1- start with any therapist you like. Ask if they use time limited short term therapy, or open ended long term. If the latter, ask how long is long term...
2-work with your therapist weekly for 8-12 sessions. Often patients feel they don;t click, have some conflict and quit therapy too soon.. Just like patients quit meds too soon... A key to therapy is to discuss that you feel you are not getting along or there are conflicts in the therapy itself. sometimes it is not the content of what happened to you during the week that is important to discuss, it is the process of dealing with your therapist that is actually the therapy!
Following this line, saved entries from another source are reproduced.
(* Let $d\ge1$. For all $p,q\in\mathcal P_d$, if $\mathcal A(p)=\mathcal A(q)$ then $q=cp$ for some $c\in\mathbb C$ with $|c|=1$; that is, $\mathcal A(p)$ determines the equivalence class $[p]=\{cp:|c|=1\}$.
   Context: $\mathcal P_d$ is the space of complex polynomials of degree at most $d-1$ on the unit circle. Let $\omega=e^{2\pi i/(2d-1)}$, $\nu=e^{2\pi i/d}$. The map $\mathcal A:\mathcal P_d\to\mathbb R^{6d-3}$ is $(\mathcal A(p))_j=|p(\omega^j)|^2$ for $1\le j\le 2d-1$, $|p(\omega^j)-p(\omega^j\nu)|^2$ for $2d\le j\le4d-2$, and $|p(\omega^j)-ip(\omega^j\nu)|^2$ for $4d-1\le j\le 6d-3$. *)

From HB Require Import structures.
From mathcomp Require Import all_boot all_order all_algebra.
From mathcomp Require Import reals trigo.
From mathcomp Require Export complex.
Set Implicit Arguments. Unset Strict Implicit. Unset Printing Implicit Defensive.
Import Order.TTheory GRing.Theory Num.Theory.
Local Open Scope ring_scope.
Local Open Scope complex_scope.

Definition expi (R : realType) (t : R) : R[i] := (cos t +i* sin t)%C.

Definition omega (R : realType) (d : nat) : R[i] :=
  expi ((2 * pi) / (2 * d - 1)%:R).

Definition nu (R : realType) (d : nat) : R[i] :=
  expi ((2 * pi) / d%:R).

Definition Pd (R : realType) (d : nat) (p : {poly R[i]}) : Prop :=
  (size p <= d)%N.

(* The measurement map A : P_d -> R^{6d-3}; component j (1 <= j <= 6d-3).
   Values are the squared moduli |.|^2 (real numbers, viewed inside C). *)
Definition Ameas (R : realType) (d : nat) (p : {poly R[i]}) (j : nat) : R[i] :=
  let w := omega R d ^+ j in
  let v := nu R d in
  if (j <= 2 * d - 1)%N then `|p.[w]| ^+ 2
  else if (j <= 4 * d - 2)%N then `|(p.[w] - p.[w * v])| ^+ 2
  else `|(p.[w] - 'i * p.[w * v])| ^+ 2.

(* Let N = 2d - 1 and sample at the N-th roots of unity z = omega^j.  On the
   unit circle |p(z)|^2 = z^(1-d) p(z) p*(z), where p*(X) = X^(d-1) conj(p)(1/X)
   is again a polynomial of degree < d; hence |p|^2 - |q|^2 gives a polynomial
   of degree < N vanishing at the N sample points, and |p| = |q| on the whole
   circle.  Polarization then recovers p(z) conj(p(z nu)) from the last two
   blocks of measurements, which forces q(z) p(z nu) = q(z nu) p(z) at the
   sample points and so the polynomial identity q(X) p(nu X) = q(nu X) p(X).
   Its leading coefficients give nu^(deg p) = nu^(deg q), so deg p = deg q since
   nu has order d; applied to q - c p with c = lc(q)/lc(p), the same argument
   shows q = c p, and |c| = 1 because |q| = |p| on the circle. *)

From HB Require Import structures.
From mathcomp Require Import all_boot all_order all_algebra.
From mathcomp Require Import reals trigo complex.
From mathcomp Require Import ring lra zify.
Import Order.TTheory GRing.Theory Num.Theory.
Local Open Scope ring_scope.

Set Implicit Arguments.
Unset Strict Implicit.
Unset Printing Implicit Defensive.

Lemma poly_eq0_of_roots (F : idomainType) (P : {poly F}) (rs : seq F) :
  uniq rs -> (size P <= size rs)%N -> all (root P) rs -> P = 0.
Proof.
move=> rs_uniq sP rootsP; apply/eqP/negPn/negP => P_neq0.
by have := max_poly_roots P_neq0 rootsP rs_uniq; rewrite ltnNge sP.
Qed.

Lemma norm_eq1_of_scale (R : numDomainType) (c : R) (p : {poly R}) (rs : seq R) :
  uniq rs -> (size p <= size rs)%N -> p != 0 ->
  {in rs, forall z, `|(c *: p).[z]| = `|p.[z]|} -> `|c| = 1.
Proof.
move=> rs_uniq sp p_neq0 Ec; apply/eqP; apply: contraNT p_neq0 => c_neq1.
apply/eqP; apply: (poly_eq0_of_roots rs_uniq sp); apply/allP => z z_rs.
have /eqP := Ec z z_rs; rewrite hornerZ normrM -subr_eq0 -{2}[`|p.[z]|]mul1r -mulrBl.
by rewrite mulf_eq0 subr_eq0 (negPf c_neq1) normr_eq0.
Qed.

Lemma prim_root_of_order (R : nzRingType) n (z : R) :
  (0 < n)%N -> z ^+ n = 1 -> (forall k, (0 < k < n)%N -> z ^+ k != 1) ->
  n.-primitive_root z.
Proof.
move=> n_gt0 zn1 z_order; have [m prim_m m_dvd_n] := prim_order_exists n_gt0 zn1.
have m_gt0 := prim_order_gt0 prim_m.
suff -> : n = m by [].
case: (ltngtP m n) => [lt_mn | lt_nm | -> //].
  by have := z_order m; rewrite m_gt0 lt_mn prim_expr_order // eqxx => /(_ isT).
by have := dvdn_leq n_gt0 m_dvd_n; rewrite leqNgt lt_nm.
Qed.

Lemma uniq_prim_root_powers (R : nzRingType) n (z : R) m :
  n.-primitive_root z -> uniq [seq z ^+ i | i <- iota m n].
Proof.
move=> prim_z; rewrite -[m]addn0 iotaDl -map_comp.
rewrite map_inj_in_uniq ?iota_uniq // => i j; rewrite !mem_iota /= => lt_i lt_j.
by move/eqP; rewrite (eq_prim_root_expr prim_z) eqn_modDl !modn_small // => /eqP.
Qed.

Lemma norm_unity_root (R : numDomainType) n (z : R) :
  (0 < n)%N -> z ^+ n = 1 -> `|z| = 1.
Proof.
by move=> n_gt0 zn1; apply/eqP; rewrite -(pexpr_eq1 n_gt0) // -normrX zn1 normr1.
Qed.

Section Rotation.
Variables (F : fieldType) (n : nat) (v : F).
Hypothesis prim_v : n.-primitive_root v.

Local Notation rot p := (p \Po (v *: 'X)).

Lemma prim_root_neq0 : v != 0.
Proof.
apply/eqP => v0; move: (prim_expr_order prim_v).
by rewrite v0 expr0n gtn_eqF ?(prim_order_gt0 prim_v) // => /eqP; rewrite eq_sym oner_eq0.
Qed.

Lemma lead_coef_rot (p : {poly F}) :
  lead_coef (rot p) = lead_coef p * v ^+ (size p).-1.
Proof.
have size_vX : size (v *: 'X : {poly F}) = 2.
  by rewrite size_scale ?prim_root_neq0 // size_polyX.
by rewrite lead_coef_comp ?size_vX // lead_coefZ lead_coefX mulr1.
Qed.

Lemma size_eq_of_rot_comm (f p : {poly F}) :
  (size f <= n)%N -> (size p <= n)%N -> f != 0 -> p != 0 ->
  f * rot p = rot f * p -> size f = size p.
Proof.
move=> sf sp f_neq0 p_neq0 /(congr1 lead_coef); rewrite !lead_coefM !lead_coef_rot => E.
have : v ^+ (size p).-1 = v ^+ (size f).-1.
  apply: (mulfI (x := lead_coef f * lead_coef p)); first by rewrite mulf_neq0 ?lead_coef_eq0.
  by rewrite -mulrA E mulrAC.
have sf_gt0 : (0 < size f)%N by rewrite size_poly_gt0.
have sp_gt0 : (0 < size p)%N by rewrite size_poly_gt0.
by move/eqP; rewrite (eq_prim_root_expr prim_v) !modn_small; lia.
Qed.

Lemma rot_comm_scale (p q : {poly F}) :
  (size p <= n)%N -> (size q <= n)%N -> p != 0 ->
  q * rot p = rot q * p -> q = (lead_coef q / lead_coef p) *: p.
Proof.
move=> sp sq p_neq0 comm.
have [-> | q_neq0] := eqVneq q 0; first by rewrite lead_coef0 mul0r scale0r.
set c := _ / _.
have size_q := size_eq_of_rot_comm sq sp q_neq0 p_neq0 comm.
(* q - c p obeys the same identity but has no term of degree (size p).-1. *)
apply: subr0_eq; apply/eqP/negPn/negP => g_neq0.
have g_comm : (q - c *: p) * rot p = rot (q - c *: p) * p.
  by rewrite comp_polyB comp_polyZ !mulrBl comm -!scalerAl [p * _]mulrC.
have size_g : (size (q - c *: p)%R <= n)%N.
  by rewrite (leq_trans (size_polyD _ _)) // size_polyN geq_max sq (leq_trans (size_scale_leq _ _)).
have size_g_eq := size_eq_of_rot_comm size_g sp g_neq0 p_neq0 g_comm.
move: g_neq0; rewrite -lead_coef_eq0 lead_coefE size_g_eq coefB coefZ.
by rewrite -lead_coefE -size_q -lead_coefE /c divfK ?lead_coef_eq0 // subrr eqxx.
Qed.

End Rotation.

Lemma size_mul_subr_leq (R : nzRingType) d (f g h k : {poly R}) :
  (size f <= d)%N -> (size g <= d)%N -> (size h <= d)%N -> (size k <= d)%N ->
  (size (f * g - h * k)%R <= 2 * d - 1)%N.
Proof.
move=> sf sg sh sk; rewrite (leq_trans (size_polyD _ _)) // size_polyN geq_max.
have := size_polyMleq f g; have := size_polyMleq h k; lia.
Qed.

Section ConjC.
Variable C : numClosedFieldType.
Implicit Types (z : C) (p q : {poly C}).

Lemma polarizationC (a b a' b' : C) :
  `|a| = `|a'| -> `|b| = `|b'| -> `|a - b| = `|a' - b'| ->
  `|a - 'i * b| = `|a' - 'i * b'| -> a * b^* = a' * b'^*.
Proof.
move=> Ea Eb Eab Eaib.
have polar x y : 2%:R * 'i * (x * y^*) =
    'i * (`|x| ^+ 2 + `|y| ^+ 2 - `|x - y| ^+ 2)
    + (`|x - 'i * y| ^+ 2 - `|x| ^+ 2 + 'i ^+ 2 * `|y| ^+ 2).
  by rewrite !normCK !rmorphB !rmorphM /= conjCi; ring.
apply: (mulfI (x := 2%:R * 'i)); first by rewrite mulf_neq0 ?pnatr_eq0 ?neq0Ci.
by rewrite !polar Ea Eb Eab Eaib.
Qed.

Lemma cross_eq_of_mul_conjC (a b a' b' : C) :
  `|a| = `|a'| -> `|b| = `|b'| -> a * b^* = a' * b'^* -> a' * b = b' * a.
Proof.
move=> Ea Eb E; move/(congr1 Num.conj): (E); rewrite !rmorphM /= !conjCK => E'.
apply/eqP; rewrite -subr_eq0 -mul_conjC_eq0 rmorphB !rmorphM /=.
have -> : (a' * b - b' * a) * (a'^* * b^* - b'^* * a^*) =
    `|a'| ^+ 2 * `|b| ^+ 2 - (a' * b'^*) * (a^* * b) - (a'^* * b') * (a * b^*)
    + `|b'| ^+ 2 * `|a| ^+ 2 by rewrite !normCK; ring.
by rewrite -Ea -Eb -E -E' !normCK; apply/eqP; ring.
Qed.

Definition conjC_rev_poly d p := \poly_(k < d) (p`_(d.-1 - k))^*.

Lemma horner_conjC_rev d p z : (size p <= d)%N -> `|z| = 1 ->
  (conjC_rev_poly d p).[z] = z ^+ d.-1 * (p.[z])^*.
Proof.
move=> sp z1; have zz : z * z^* = 1 by rewrite -normCK z1 expr1n.
rewrite horner_poly (horner_coef_wide _ sp) rmorph_sum mulr_sumr.
rewrite (reindex_inj rev_ord_inj) /=; apply: eq_bigr => i _.
have lt_id := ltn_ord i; rewrite rmorphM rmorphXn /=.
have -> : (d - i.+1 = d.-1 - i)%N by lia.
have -> : (d.-1 - (d.-1 - i) = i)%N by lia.
have -> : z ^+ d.-1 = z ^+ (d.-1 - i) * z ^+ i by rewrite -exprD; congr (_ ^+ _); lia.
by rewrite -[LHS]mulr1 -(expr1n _ i) -zz exprMn; ring.
Qed.

Section CircleData.
Variables (d : nat) (p q : {poly C}) (rs : seq C).
Hypotheses (sp : (size p <= d)%N) (sq : (size q <= d)%N).
Hypotheses (rs_uniq : uniq rs) (rs_size : (2 * d - 1 <= size rs)%N).
Hypothesis rs_circle : {in rs, forall z, `|z| = 1}.

Lemma norm_horner_eq_on_circle :
  {in rs, forall z, `|p.[z]| = `|q.[z]|} ->
  forall z, `|z| = 1 -> `|p.[z]| = `|q.[z]|.
Proof.
move=> pq_rs; pose P := p * conjC_rev_poly d p - q * conjC_rev_poly d q.
have horner_P z : `|z| = 1 -> P.[z] = z ^+ d.-1 * (`|p.[z]| ^+ 2 - `|q.[z]| ^+ 2).
  by move=> z1; rewrite hornerD hornerN !hornerM !horner_conjC_rev // !normCK; ring.
have P_eq0 : P = 0.
  apply: (poly_eq0_of_roots rs_uniq).
    by rewrite (leq_trans _ rs_size) // size_mul_subr_leq // size_poly.
  by apply/allP => z z_rs; rewrite /root (horner_P z (rs_circle z_rs)) pq_rs // subrr mulr0.
move=> z z1; have := horner_P z z1; rewrite P_eq0 horner0 => /esym/eqP.
rewrite mulf_eq0 expf_eq0 -normr_eq0 z1 oner_eq0 andbF /= subr_eq0.
by rewrite eqrXn2 // => /eqP.
Qed.

Variable v : C.
Hypothesis v_circle : `|v| = 1.

Lemma rot_comm_of_norms :
  (forall z : C, `|z| = 1 -> `|p.[z]| = `|q.[z]|) ->
  {in rs, forall z, `|p.[z] - p.[z * v]| = `|q.[z] - q.[z * v]|} ->
  {in rs, forall z, `|p.[z] - 'i * p.[z * v]| = `|q.[z] - 'i * q.[z * v]|} ->
  q * (p \Po (v *: 'X)) = (q \Po (v *: 'X)) * p.
Proof.
move=> pq_circle pq_diff pq_idiff.
have size_vX : size (v *: 'X : {poly C}) = 2.
  by rewrite size_scale ?size_polyX // -normr_eq0 v_circle oner_eq0.
apply: subr0_eq; apply: (poly_eq0_of_roots rs_uniq).
  by rewrite (leq_trans _ rs_size) // size_mul_subr_leq ?size_comp_poly2.
apply/allP => z z_rs; rewrite /root hornerD hornerN !hornerM !horner_comp.
rewrite hornerZ hornerX [v * z]mulrC subr_eq0; apply/eqP.
have zv_circle : `|z * v| = 1 by rewrite normrM rs_circle // v_circle mulr1.
have pq_z := pq_circle _ (rs_circle z_rs); have pq_zv := pq_circle _ zv_circle.
apply: (cross_eq_of_mul_conjC pq_z pq_zv).
exact: polarizationC pq_z pq_zv (pq_diff _ z_rs) (pq_idiff _ z_rs).
Qed.

End CircleData.

End ConjC.

Section Expi.
Variable R : realType.

Lemma expiD (t s : R) : expi (t + s) = expi t * expi s.
Proof. by rewrite /expi cosD sinD; simpc; congr (_ +i* _)%C; ring. Qed.

Lemma expiMn (t : R) n : expi t ^+ n = expi (t *+ n).
Proof.
elim: n => [|n IHn]; first by rewrite /expi mulr0n cos0 sin0.
by rewrite exprS IHn mulrS expiD.
Qed.

Lemma expi_neq1 (t : R) : 0 < t < pi *+ 2 -> expi t != 1.
Proof.
move=> /andP[t_gt0 t_lt2pi]; apply/negP => /eqP[cos_t sin_t].
have pi_gt0 := pi_gt0 R.
case: (ltgtP t pi) => [lt_tpi | lt_pit | eq_tpi].
- by move: (sin_gt0_pi (x := t)); rewrite sin_t ltxx t_gt0 lt_tpi => /(_ isT).
- have : 0 < sin (t - pi) by apply: sin_gt0_pi; apply/andP; split; lra.
  by rewrite sinB cospi sinpi sin_t; lra.
- by move: cos_t; rewrite eq_tpi cospi; lra.
Qed.

Lemma prim_root_expi n : (0 < n)%N -> n.-primitive_root (expi ((2 * pi) / n%:R) : R[i]).
Proof.
move=> n_gt0; have pi_gt0 := pi_gt0 R.
set t := (2 * pi) / n%:R.
have t_gt0 : 0 < t by rewrite divr_gt0 ?ltr0n //; lra.
have tn : t *+ n = pi *+ 2 by rewrite -mulr_natr divfK ?mulr_natl // pnatr_eq0 -lt0n.
apply: prim_root_of_order n_gt0 _ _.
  by rewrite expiMn tn /expi cos2pi sin2pi.
move=> k /andP[k_gt0 lt_kn]; rewrite expiMn; apply: expi_neq1.
by rewrite pmulrn_lgt0 // t_gt0 -tn ltr_pMn2l.
Qed.

End Expi.

Section Measurements.
Variable R : realType.

Lemma omega_prim_root d : (0 < d)%N -> (2 * d - 1).-primitive_root (omega R d).
Proof. by move=> d_gt0; apply: prim_root_expi; lia. Qed.

Lemma nu_prim_root d : (0 < d)%N -> d.-primitive_root (nu R d).
Proof. exact: prim_root_expi. Qed.

Definition sample_points d : seq R[i] := [seq omega R d ^+ j | j <- iota 1 (2 * d - 1)].

Lemma Ameas_sample d (p : {poly R[i]}) j : (0 < d)%N -> (1 <= j <= 2 * d - 1)%N ->
  let z := omega R d ^+ j in
  [/\ Ameas d p j = `|p.[z]| ^+ 2,
      Ameas d p (j + (2 * d - 1)) = `|p.[z] - p.[z * nu R d]| ^+ 2 &
      Ameas d p (j + (2 * d - 1) * 2) = `|p.[z] - 'i * p.[z * nu R d]| ^+ 2].
Proof.
move=> d_gt0 j_range; have w_N := prim_expr_order (omega_prim_root d_gt0).
rewrite /Ameas /=; split.
- by rewrite ifT //; lia.
- by rewrite ifF ?ifT ?exprD ?w_N ?mulr1 //; lia.
- by rewrite !ifF ?exprD ?exprM ?w_N ?expr1n ?mulr1 //; lia.
Qed.

Lemma Ameas_eq_sample_norms d (p q : {poly R[i]}) : (0 < d)%N ->
  (forall j, (1 <= j <= 6 * d - 3)%N -> Ameas d p j = Ameas d q j) ->
  let v := nu R d in
  [/\ {in sample_points d, forall z, `|p.[z]| = `|q.[z]|},
      {in sample_points d, forall z, `|p.[z] - p.[z * v]| = `|q.[z] - q.[z * v]|} &
      {in sample_points d,
        forall z, `|p.[z] - 'i * p.[z * v]| = `|q.[z] - 'i * q.[z * v]|}].
Proof.
move=> d_gt0 Apq.
have norm_eq (a b : R[i]) : `|a| ^+ 2 = `|b| ^+ 2 -> `|a| = `|b|.
  by move/eqP; rewrite eqrXn2 // => /eqP.
split=> z /mapP[j]; rewrite mem_iota => j_range ->.
all: have j_range' : (1 <= j <= 2 * d - 1)%N by lia.
all: have [Ep1 Ep2 Ep3] := Ameas_sample p d_gt0 j_range'.
all: have [Eq1 Eq2 Eq3] := Ameas_sample q d_gt0 j_range'.
all: apply: norm_eq; first [rewrite -Ep1 -Eq1 | rewrite -Ep2 -Eq2 | rewrite -Ep3 -Eq3].
all: by apply: Apq; lia.
Qed.

End Measurements.

Theorem mainTheorem6 (R : realType) (d : nat) (p q : {poly R[i]}) :
  (1 <= d)%N -> Pd d p -> Pd d q ->
  (forall j : nat, (1 <= j <= 6 * d - 3)%N -> Ameas d p j = Ameas d q j) ->
  exists c : R[i], `|c| = 1 /\ q = c *: p.
Proof.
move=> d_gt0 sp sq Apq; rewrite /Pd in sp sq.
have w_prim := omega_prim_root R d_gt0; have v_prim := nu_prim_root R d_gt0.
have rs_uniq : uniq (sample_points R d) := uniq_prim_root_powers 1 w_prim.
have rs_size : (2 * d - 1 <= size (sample_points R d))%N by rewrite size_map size_iota.
have rs_circle : {in sample_points R d, forall z, `|z| = 1}.
  move=> _ /mapP[j _ ->]; apply: (@norm_unity_root _ (2 * d - 1)); first lia.
  by rewrite -exprM mulnC exprM (prim_expr_order w_prim) expr1n.
have v_circle : `|nu R d| = 1 := norm_unity_root d_gt0 (prim_expr_order v_prim).
have [pq_rs pq_diff pq_idiff] := Ameas_eq_sample_norms d_gt0 Apq.
have pq_circle := norm_horner_eq_on_circle sp sq rs_uniq rs_size rs_circle pq_rs.
have comm := rot_comm_of_norms sp sq rs_uniq rs_size rs_circle v_circle
  pq_circle pq_diff pq_idiff.
have rs_ge_d : (d <= size (sample_points R d))%N by lia.
have [p0 | p_neq0] := eqVneq p 0.
  exists 1; rewrite normr1 scale1r p0; split=> //.
  apply: (poly_eq0_of_roots rs_uniq (leq_trans sq rs_ge_d)); apply/allP => z z_rs.
  by rewrite /root -normr_eq0 -pq_rs // p0 horner0 normr0.
have qE := rot_comm_scale v_prim sp sq p_neq0 comm.
exists (lead_coef q / lead_coef p); split=> //.
apply: (norm_eq1_of_scale rs_uniq (leq_trans sp rs_ge_d) p_neq0) => z z_rs.
by rewrite -qE pq_rs.
Qed.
3- if you are not at least partially better after about 6 months, seriously ask your therapist what chance you have of responding to their therapy techniques. Consider adding a med, add a group therapy that uses a different style or skill, consider changing therapists.
4- if you are not better at all after a year, really consider a new therapist who uses a different therapy style. It doesn't mean your therapist is poor at doing therapy, it means the therapy style isn't helping you. If you are gradually improving, even at a slow pace stick with the therapist forever- as long as you are improving. Some therapies can take several years, but expect to see gradual imprvement.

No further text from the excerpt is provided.